- **WORK REQUIRED**
Keep only the lines of the material below that contain the word "sigma". Copy those lines.

- **MATERIAL FOR THIS TASK**
○ ○ ○ ○

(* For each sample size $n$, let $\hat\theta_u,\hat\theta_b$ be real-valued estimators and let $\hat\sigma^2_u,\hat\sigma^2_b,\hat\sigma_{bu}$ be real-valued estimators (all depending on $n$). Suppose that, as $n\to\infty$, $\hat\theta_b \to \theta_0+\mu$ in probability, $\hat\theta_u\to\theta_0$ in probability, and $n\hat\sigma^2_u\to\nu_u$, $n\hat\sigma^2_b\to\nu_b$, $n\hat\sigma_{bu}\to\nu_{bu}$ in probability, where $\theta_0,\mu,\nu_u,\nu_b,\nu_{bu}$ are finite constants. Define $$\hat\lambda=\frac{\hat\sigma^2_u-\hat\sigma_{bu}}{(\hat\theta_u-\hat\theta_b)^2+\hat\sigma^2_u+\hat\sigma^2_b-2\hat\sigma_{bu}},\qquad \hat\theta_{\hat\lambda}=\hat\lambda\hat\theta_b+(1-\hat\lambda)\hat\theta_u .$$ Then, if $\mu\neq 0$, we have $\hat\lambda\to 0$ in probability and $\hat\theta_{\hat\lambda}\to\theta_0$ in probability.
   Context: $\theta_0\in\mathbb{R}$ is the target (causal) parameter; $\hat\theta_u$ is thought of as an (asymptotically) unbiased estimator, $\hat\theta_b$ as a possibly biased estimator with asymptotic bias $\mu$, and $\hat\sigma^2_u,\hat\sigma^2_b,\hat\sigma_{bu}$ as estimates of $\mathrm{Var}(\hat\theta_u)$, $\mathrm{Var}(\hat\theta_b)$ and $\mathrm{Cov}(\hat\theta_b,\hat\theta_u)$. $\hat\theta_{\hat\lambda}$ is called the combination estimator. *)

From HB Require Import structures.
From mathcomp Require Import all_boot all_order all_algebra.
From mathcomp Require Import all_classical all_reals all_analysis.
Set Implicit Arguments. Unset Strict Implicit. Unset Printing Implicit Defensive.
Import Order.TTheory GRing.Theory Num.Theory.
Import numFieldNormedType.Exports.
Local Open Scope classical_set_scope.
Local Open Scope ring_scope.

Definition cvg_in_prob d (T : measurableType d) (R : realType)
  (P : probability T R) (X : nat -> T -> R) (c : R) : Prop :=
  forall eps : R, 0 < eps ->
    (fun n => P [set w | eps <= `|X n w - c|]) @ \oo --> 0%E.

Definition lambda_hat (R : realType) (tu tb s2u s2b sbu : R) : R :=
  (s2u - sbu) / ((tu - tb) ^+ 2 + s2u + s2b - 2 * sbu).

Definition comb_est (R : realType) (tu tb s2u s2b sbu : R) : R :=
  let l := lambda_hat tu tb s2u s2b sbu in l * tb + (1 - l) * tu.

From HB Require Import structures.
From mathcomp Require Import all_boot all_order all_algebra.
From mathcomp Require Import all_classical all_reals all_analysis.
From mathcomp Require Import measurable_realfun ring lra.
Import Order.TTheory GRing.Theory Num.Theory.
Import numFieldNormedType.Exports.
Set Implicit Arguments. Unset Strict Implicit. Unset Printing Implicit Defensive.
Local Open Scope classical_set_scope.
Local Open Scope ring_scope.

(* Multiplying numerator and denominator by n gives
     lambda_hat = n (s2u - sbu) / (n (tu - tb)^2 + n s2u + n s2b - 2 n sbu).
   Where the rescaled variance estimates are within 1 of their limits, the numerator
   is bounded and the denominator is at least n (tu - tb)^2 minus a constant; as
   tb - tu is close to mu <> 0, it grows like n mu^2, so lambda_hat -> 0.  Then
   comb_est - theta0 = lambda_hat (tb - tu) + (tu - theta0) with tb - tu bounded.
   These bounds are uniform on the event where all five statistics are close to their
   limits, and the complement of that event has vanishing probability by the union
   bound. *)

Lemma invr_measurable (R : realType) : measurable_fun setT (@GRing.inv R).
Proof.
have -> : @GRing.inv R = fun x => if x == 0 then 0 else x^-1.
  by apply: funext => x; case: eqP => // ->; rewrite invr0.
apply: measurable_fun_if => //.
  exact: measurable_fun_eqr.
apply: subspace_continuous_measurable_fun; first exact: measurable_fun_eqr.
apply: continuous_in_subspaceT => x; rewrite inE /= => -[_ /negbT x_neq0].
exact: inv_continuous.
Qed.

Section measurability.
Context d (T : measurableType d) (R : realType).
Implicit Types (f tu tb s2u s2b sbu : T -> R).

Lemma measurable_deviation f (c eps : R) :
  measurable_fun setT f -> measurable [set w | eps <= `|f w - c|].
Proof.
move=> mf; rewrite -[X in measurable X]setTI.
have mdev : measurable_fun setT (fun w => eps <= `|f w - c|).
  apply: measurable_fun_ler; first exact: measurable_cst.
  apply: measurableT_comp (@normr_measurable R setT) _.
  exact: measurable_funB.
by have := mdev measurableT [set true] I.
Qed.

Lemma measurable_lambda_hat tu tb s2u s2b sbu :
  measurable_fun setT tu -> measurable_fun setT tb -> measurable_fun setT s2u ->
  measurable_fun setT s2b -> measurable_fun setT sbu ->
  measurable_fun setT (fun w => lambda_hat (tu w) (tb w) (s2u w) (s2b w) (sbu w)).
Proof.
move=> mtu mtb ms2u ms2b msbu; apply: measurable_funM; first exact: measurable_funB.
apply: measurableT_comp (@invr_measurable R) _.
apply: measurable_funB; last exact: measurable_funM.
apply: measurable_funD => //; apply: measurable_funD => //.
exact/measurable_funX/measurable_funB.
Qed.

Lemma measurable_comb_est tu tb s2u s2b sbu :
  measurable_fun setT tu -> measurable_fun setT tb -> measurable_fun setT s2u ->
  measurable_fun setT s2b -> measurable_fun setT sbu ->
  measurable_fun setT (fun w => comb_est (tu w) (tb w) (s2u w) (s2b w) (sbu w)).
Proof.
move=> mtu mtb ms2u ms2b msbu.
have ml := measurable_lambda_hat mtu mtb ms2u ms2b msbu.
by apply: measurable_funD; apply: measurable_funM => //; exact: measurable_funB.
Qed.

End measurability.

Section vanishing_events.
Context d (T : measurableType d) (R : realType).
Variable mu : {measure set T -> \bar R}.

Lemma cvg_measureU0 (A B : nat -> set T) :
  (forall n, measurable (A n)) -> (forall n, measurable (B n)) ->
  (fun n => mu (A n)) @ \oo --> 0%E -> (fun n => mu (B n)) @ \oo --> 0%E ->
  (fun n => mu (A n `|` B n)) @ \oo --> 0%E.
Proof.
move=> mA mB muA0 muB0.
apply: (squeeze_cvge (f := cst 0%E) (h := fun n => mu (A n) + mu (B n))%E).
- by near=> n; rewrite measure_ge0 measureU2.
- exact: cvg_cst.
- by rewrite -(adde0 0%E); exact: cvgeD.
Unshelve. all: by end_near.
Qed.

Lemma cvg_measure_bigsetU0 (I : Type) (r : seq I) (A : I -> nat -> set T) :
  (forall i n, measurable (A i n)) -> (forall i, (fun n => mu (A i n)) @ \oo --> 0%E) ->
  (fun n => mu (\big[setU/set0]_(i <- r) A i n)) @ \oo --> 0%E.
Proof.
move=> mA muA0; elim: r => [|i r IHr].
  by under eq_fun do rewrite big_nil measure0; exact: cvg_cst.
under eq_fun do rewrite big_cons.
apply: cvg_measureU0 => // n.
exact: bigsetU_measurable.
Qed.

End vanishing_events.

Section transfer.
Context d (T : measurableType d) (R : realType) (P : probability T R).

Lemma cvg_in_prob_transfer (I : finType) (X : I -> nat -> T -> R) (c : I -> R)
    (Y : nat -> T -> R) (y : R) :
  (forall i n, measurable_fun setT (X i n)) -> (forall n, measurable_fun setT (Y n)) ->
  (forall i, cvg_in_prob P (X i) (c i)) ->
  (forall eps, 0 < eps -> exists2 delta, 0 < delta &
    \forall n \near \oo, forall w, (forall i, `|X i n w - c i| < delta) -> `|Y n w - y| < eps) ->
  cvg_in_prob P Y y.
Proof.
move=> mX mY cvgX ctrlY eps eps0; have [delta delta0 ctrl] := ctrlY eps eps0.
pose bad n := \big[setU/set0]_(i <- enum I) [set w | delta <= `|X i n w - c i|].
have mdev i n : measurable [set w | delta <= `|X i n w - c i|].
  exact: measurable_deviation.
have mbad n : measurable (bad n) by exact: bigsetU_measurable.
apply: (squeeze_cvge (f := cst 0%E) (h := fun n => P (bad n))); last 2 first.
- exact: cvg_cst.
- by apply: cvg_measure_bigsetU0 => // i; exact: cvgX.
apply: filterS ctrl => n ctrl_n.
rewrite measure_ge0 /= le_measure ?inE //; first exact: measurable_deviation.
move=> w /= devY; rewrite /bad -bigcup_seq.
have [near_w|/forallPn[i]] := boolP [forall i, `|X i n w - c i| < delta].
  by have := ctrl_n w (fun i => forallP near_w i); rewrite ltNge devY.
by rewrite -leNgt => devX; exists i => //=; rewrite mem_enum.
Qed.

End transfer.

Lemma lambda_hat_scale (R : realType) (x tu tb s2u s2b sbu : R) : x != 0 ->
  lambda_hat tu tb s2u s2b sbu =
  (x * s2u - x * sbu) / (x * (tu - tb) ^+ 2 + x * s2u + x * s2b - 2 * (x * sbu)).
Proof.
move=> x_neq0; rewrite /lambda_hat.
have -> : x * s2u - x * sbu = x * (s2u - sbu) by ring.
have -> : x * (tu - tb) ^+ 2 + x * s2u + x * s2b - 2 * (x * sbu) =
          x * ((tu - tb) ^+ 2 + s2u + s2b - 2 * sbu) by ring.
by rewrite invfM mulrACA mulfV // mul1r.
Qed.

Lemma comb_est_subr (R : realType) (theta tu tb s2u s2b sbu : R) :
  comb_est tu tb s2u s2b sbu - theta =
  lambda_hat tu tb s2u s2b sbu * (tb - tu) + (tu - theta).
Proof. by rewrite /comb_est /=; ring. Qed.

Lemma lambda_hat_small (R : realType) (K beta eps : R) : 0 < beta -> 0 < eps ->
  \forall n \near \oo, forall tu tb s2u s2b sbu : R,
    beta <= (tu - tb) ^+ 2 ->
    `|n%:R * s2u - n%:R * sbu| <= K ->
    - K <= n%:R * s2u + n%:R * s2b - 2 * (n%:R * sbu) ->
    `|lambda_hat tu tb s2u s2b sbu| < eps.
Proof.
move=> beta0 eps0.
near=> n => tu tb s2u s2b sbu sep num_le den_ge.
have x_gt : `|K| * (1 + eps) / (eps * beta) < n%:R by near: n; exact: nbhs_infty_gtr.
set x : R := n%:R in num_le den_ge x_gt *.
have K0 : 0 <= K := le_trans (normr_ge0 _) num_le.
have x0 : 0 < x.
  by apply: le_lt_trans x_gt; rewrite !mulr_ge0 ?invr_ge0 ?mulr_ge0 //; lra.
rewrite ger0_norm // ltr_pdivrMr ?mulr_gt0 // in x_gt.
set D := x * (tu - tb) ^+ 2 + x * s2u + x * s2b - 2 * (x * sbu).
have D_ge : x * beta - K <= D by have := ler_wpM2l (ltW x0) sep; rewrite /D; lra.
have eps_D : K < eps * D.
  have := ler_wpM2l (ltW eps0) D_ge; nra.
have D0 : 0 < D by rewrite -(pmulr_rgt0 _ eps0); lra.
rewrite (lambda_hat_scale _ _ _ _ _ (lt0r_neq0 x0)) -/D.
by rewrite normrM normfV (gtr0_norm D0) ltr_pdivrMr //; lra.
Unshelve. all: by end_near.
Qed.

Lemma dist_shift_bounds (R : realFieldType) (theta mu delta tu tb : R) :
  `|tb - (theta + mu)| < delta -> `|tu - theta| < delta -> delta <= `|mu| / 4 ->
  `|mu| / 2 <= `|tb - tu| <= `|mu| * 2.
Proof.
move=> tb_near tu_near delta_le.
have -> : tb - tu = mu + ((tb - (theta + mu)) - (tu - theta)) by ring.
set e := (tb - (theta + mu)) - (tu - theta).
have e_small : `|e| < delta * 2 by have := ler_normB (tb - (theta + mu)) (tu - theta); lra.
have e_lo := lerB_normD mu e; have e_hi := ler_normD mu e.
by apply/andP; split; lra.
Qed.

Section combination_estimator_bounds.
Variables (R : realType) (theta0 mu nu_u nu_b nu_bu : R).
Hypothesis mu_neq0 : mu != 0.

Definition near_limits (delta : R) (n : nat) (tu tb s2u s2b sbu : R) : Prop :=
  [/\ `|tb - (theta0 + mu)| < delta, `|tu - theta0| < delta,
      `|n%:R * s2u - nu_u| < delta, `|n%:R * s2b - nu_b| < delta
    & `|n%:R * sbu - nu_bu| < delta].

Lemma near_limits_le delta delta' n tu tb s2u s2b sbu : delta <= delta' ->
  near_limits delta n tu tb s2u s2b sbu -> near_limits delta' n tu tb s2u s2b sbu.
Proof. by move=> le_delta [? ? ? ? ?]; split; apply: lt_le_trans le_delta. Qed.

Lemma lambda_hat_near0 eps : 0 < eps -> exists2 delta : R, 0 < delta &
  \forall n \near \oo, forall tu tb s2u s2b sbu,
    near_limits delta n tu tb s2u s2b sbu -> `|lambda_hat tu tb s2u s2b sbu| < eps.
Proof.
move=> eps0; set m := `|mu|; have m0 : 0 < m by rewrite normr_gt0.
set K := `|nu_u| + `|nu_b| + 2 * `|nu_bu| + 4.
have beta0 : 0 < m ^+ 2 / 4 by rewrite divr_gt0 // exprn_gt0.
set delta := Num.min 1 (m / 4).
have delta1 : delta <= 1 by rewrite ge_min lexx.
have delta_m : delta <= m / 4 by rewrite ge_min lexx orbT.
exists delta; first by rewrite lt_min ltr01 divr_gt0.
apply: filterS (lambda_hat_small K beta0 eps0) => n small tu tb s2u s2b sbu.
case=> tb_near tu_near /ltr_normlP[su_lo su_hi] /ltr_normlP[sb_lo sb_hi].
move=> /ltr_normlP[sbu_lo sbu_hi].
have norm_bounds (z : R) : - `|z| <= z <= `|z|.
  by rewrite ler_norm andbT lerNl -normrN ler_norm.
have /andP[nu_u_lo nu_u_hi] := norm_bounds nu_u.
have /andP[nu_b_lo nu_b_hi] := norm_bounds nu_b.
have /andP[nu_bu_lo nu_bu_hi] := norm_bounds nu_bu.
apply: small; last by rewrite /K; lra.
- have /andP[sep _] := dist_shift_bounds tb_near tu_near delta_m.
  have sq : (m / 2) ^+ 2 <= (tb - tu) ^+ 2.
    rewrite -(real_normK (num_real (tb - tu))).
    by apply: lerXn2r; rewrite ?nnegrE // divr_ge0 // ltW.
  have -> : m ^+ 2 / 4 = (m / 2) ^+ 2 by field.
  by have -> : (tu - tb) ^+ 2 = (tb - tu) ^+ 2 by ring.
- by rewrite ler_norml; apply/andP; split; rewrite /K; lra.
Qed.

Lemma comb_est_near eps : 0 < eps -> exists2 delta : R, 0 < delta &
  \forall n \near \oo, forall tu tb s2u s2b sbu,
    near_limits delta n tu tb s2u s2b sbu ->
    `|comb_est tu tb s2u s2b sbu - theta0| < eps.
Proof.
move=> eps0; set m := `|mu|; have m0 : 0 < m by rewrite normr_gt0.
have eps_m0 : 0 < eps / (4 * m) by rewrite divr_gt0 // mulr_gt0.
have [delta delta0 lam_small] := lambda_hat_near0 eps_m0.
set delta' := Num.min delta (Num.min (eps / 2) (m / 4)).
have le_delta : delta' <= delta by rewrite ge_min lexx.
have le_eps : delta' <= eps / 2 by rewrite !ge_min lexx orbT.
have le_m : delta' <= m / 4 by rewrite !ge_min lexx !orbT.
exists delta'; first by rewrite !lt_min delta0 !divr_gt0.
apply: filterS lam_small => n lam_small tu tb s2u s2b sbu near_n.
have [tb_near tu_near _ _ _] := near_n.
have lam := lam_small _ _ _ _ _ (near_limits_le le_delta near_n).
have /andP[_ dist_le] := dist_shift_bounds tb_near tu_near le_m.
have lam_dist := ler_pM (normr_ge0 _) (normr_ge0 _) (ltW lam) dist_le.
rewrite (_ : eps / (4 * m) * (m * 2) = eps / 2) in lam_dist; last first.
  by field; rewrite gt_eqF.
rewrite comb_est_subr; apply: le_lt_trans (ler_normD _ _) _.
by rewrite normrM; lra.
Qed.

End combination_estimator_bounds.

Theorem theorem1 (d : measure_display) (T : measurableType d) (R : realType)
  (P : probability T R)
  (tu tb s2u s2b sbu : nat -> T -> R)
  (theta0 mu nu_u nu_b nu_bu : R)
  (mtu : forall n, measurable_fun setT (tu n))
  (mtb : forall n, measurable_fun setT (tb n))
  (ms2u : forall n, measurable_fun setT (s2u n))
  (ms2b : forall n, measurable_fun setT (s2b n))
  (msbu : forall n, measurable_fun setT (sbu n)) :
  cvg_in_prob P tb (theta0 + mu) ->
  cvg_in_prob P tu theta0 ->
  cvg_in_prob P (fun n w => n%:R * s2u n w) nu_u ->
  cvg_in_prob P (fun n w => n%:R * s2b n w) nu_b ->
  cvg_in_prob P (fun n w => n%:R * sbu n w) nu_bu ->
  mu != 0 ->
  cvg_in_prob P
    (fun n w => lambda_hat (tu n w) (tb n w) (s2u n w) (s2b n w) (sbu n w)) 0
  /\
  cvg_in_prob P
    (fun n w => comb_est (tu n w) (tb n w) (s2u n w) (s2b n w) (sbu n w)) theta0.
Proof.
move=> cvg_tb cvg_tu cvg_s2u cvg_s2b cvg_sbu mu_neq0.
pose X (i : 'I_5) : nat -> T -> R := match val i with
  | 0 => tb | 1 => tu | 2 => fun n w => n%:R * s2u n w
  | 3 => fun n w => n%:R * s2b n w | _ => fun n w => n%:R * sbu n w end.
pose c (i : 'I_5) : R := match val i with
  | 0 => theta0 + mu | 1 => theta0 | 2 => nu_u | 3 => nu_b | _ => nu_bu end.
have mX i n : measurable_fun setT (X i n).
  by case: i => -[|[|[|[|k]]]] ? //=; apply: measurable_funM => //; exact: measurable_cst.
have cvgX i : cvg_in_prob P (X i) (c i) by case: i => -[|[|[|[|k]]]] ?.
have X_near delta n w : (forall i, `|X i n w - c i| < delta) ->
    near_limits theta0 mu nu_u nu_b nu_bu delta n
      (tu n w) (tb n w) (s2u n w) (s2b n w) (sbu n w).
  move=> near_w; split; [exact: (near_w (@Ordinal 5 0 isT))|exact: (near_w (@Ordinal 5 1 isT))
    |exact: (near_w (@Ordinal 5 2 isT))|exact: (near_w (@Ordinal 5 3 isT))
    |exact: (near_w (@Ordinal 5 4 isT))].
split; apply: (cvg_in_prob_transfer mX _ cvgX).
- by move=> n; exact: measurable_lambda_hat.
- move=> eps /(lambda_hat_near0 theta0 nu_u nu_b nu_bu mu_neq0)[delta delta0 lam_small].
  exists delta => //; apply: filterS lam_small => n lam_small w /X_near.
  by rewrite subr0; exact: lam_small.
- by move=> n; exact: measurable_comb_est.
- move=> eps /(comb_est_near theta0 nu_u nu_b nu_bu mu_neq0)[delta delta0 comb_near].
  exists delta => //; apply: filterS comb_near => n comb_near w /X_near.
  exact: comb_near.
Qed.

○ ○ ○ ○

- **RESULT OF THIS TASK**
(* For each sample size $n$, let $\hat\theta_u,\hat\theta_b$ be real-valued estimators and let $\hat\sigma^2_u,\hat\sigma^2_b,\hat\sigma_{bu}$ be real-valued estimators (all depending on $n$). Suppose that, as $n\to\infty$, $\hat\theta_b \to \theta_0+\mu$ in probability, $\hat\theta_u\to\theta_0$ in probability, and $n\hat\sigma^2_u\to\nu_u$, $n\hat\sigma^2_b\to\nu_b$, $n\hat\sigma_{bu}\to\nu_{bu}$ in probability, where $\theta_0,\mu,\nu_u,\nu_b,\nu_{bu}$ are finite constants. Define $$\hat\lambda=\frac{\hat\sigma^2_u-\hat\sigma_{bu}}{(\hat\theta_u-\hat\theta_b)^2+\hat\sigma^2_u+\hat\sigma^2_b-2\hat\sigma_{bu}},\qquad \hat\theta_{\hat\lambda}=\hat\lambda\hat\theta_b+(1-\hat\lambda)\hat\theta_u .$$ Then, if $\mu\neq 0$, we have $\hat\lambda\to 0$ in probability and $\hat\theta_{\hat\lambda}\to\theta_0$ in probability.
   Context: $\theta_0\in\mathbb{R}$ is the target (causal) parameter; $\hat\theta_u$ is thought of as an (asymptotically) unbiased estimator, $\hat\theta_b$ as a possibly biased estimator with asymptotic bias $\mu$, and $\hat\sigma^2_u,\hat\sigma^2_b,\hat\sigma_{bu}$ as estimates of $\mathrm{Var}(\hat\theta_u)$, $\mathrm{Var}(\hat\theta_b)$ and $\mathrm{Cov}(\hat\theta_b,\hat\theta_u)$. $\hat\theta_{\hat\lambda}$ is called the combination estimator. *)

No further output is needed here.